Hello there, you little worms. Here’s some rotten fruit and rancid meat for you to snack on. Please, do
choke on it enjoy.
This past weekend, we New Englanders were subject to yet another winter storm. The forecast for my town was 6-8 inches. We got two feet. I’d like to retroactively tell my roommate from sophomore year — a meteorology major — to suck Satan’s cock in hell. On the bright side, I finally understand why there’s always a mad rush for milk and bread. (Chuck & Beans)
Last week saw the release of Crystal Dynamics’ Tomb Raider, the new, modern take on the beloved video game franchise. It’s notable for Lara Croft being depicted as more than just boobs, booty shorts, and a British accent, but it’s also apparently quite good. I don’t know that I call it a giant leap for feminism, but it’s as far as video games go it’s kind of a big deal. (Ctrl+Alt+Del)
Speaking of women and video games, here’s an awesome dad who hacked Donkey Kong so that his daughter could “play as a girl and save Mario.” (Uproxx)
On the other hand… one thing I’ve learned now that I’ve become a parent?
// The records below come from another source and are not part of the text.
Definition num_even s : {poly R} :=
  if (r <= s)%N then
    ((-1) ^+ (r + s + 1) * V r * A s)%:P * 'X * continuant g (2 * r - 1)
      * K (2 * s) (2 * k - 2 * s).+1
  else ((-1) ^+ (r + s + 1) * V r * A s)%:P * 'X * continuant g (2 * s) * Ktail.

Definition num_odd_prefix v : {poly R} :=
  ((-1) ^+ (r + v + 1) * V r)%:P *
  (if (v < r)%N then continuant g (2 * v) * Ktail
   else continuant g (2 * r - 1) * K (2 * v) (2 * k + 1 - 2 * v)).

Definition num_even_suffix w : {poly R} :=
  ((-1) ^+ (r + w + 1) * V r)%:P *
  (if (w <= r)%N then continuant g (2 * w - 1) * Ktail
   else continuant g (2 * r - 1) * K (2 * w - 1) (2 * k + 2 - 2 * w)).

Lemma num_odd_prefix_step v : (v < k)%N ->
  num_odd_prefix v + num_odd v.+1 = num_odd_prefix v.+1.
Proof.
move=> Hv; rewrite /num_odd_prefix /num_odd.
have -> : (r + v.+1 + 1 = (r + v + 1).+1)%N by lia.
have E1 : (2 * v.+1 - 1 = (2 * v).+1)%N by lia.
have E2 : (2 * v.+1 = (2 * v).+2)%N by lia.
rewrite exprS E1 E2; case: (ltngtP v.+1 r) => Hvr.
- by rewrite continuantSS Qcoef_even; ring.
- have -> : (2 * k + 2 - (2 * v).+2 = (2 * k - 2 * v - 1).+1)%N by lia.
  have -> : (2 * k + 1 - 2 * v = (2 * k - 2 * v - 1).+2)%N by lia.
  have -> : (2 * k + 1 - (2 * v).+2 = 2 * k - 2 * v - 1)%N by lia.
  by rewrite continuant_shift_first Qcoef_even; ring.
- (* v.+1 = r: the prefix sum passes the diagonal term V_r D *)
  rewrite -Hvr E1 E2.
  have -> : (2 * k + 2 - (2 * v).+2 = (2 * k - 2 * v - 1).+1)%N by lia.
  have -> : (2 * k + 1 - (2 * v).+2 = 2 * k - 2 * v - 1)%N by lia.
  have -> : (2 * k).+1 = ((2 * v).+1 + (2 * k - 2 * v - 1)).+1 by lia.
  have -> : (-1) ^+ (v.+1 + v + 1) = 1 :> R.
    by rewrite -signr_odd (_ : odd _ = false) //; lia.
  by rewrite continuant_split continuantSS Qcoef_even; ring.
Qed.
Parents are fucking insufferable and their children are awful. (STFU Parents)
No, really. (STFU Parents again, for good measure)
You know who else is insufferable? Elizabeth Hasslebeck. In fact, she’s such an insufferable harpy that she was booted off “The View,” a show hosted by a bunch of insufferable harpies. (Celebitchy)
Least Helpful is one of my go-to sites for when I want to abandon humanity to the wolves. Where else can you find evidence that Wreck-It Ralph is a sign of the end times, that Brother Bear is an evil liberal plot, Brave is full of pagan witch-whores, and that Curious George is actually a horror movie. And that’s just in the last week. (Least Helpful)
True story: I’ve never cared for Li’L Wayne, and when Tha Carter III was tearing it up a couple of years ago, I never quite understood why. I also think he’s kind of a dickbucket. In the remix of The Future’s “Karate Chop,” he manages to be both misogynistic and use the murder of a 14 year-old for laughs. So, yeah, he’s a dickbucket. (Racialicious)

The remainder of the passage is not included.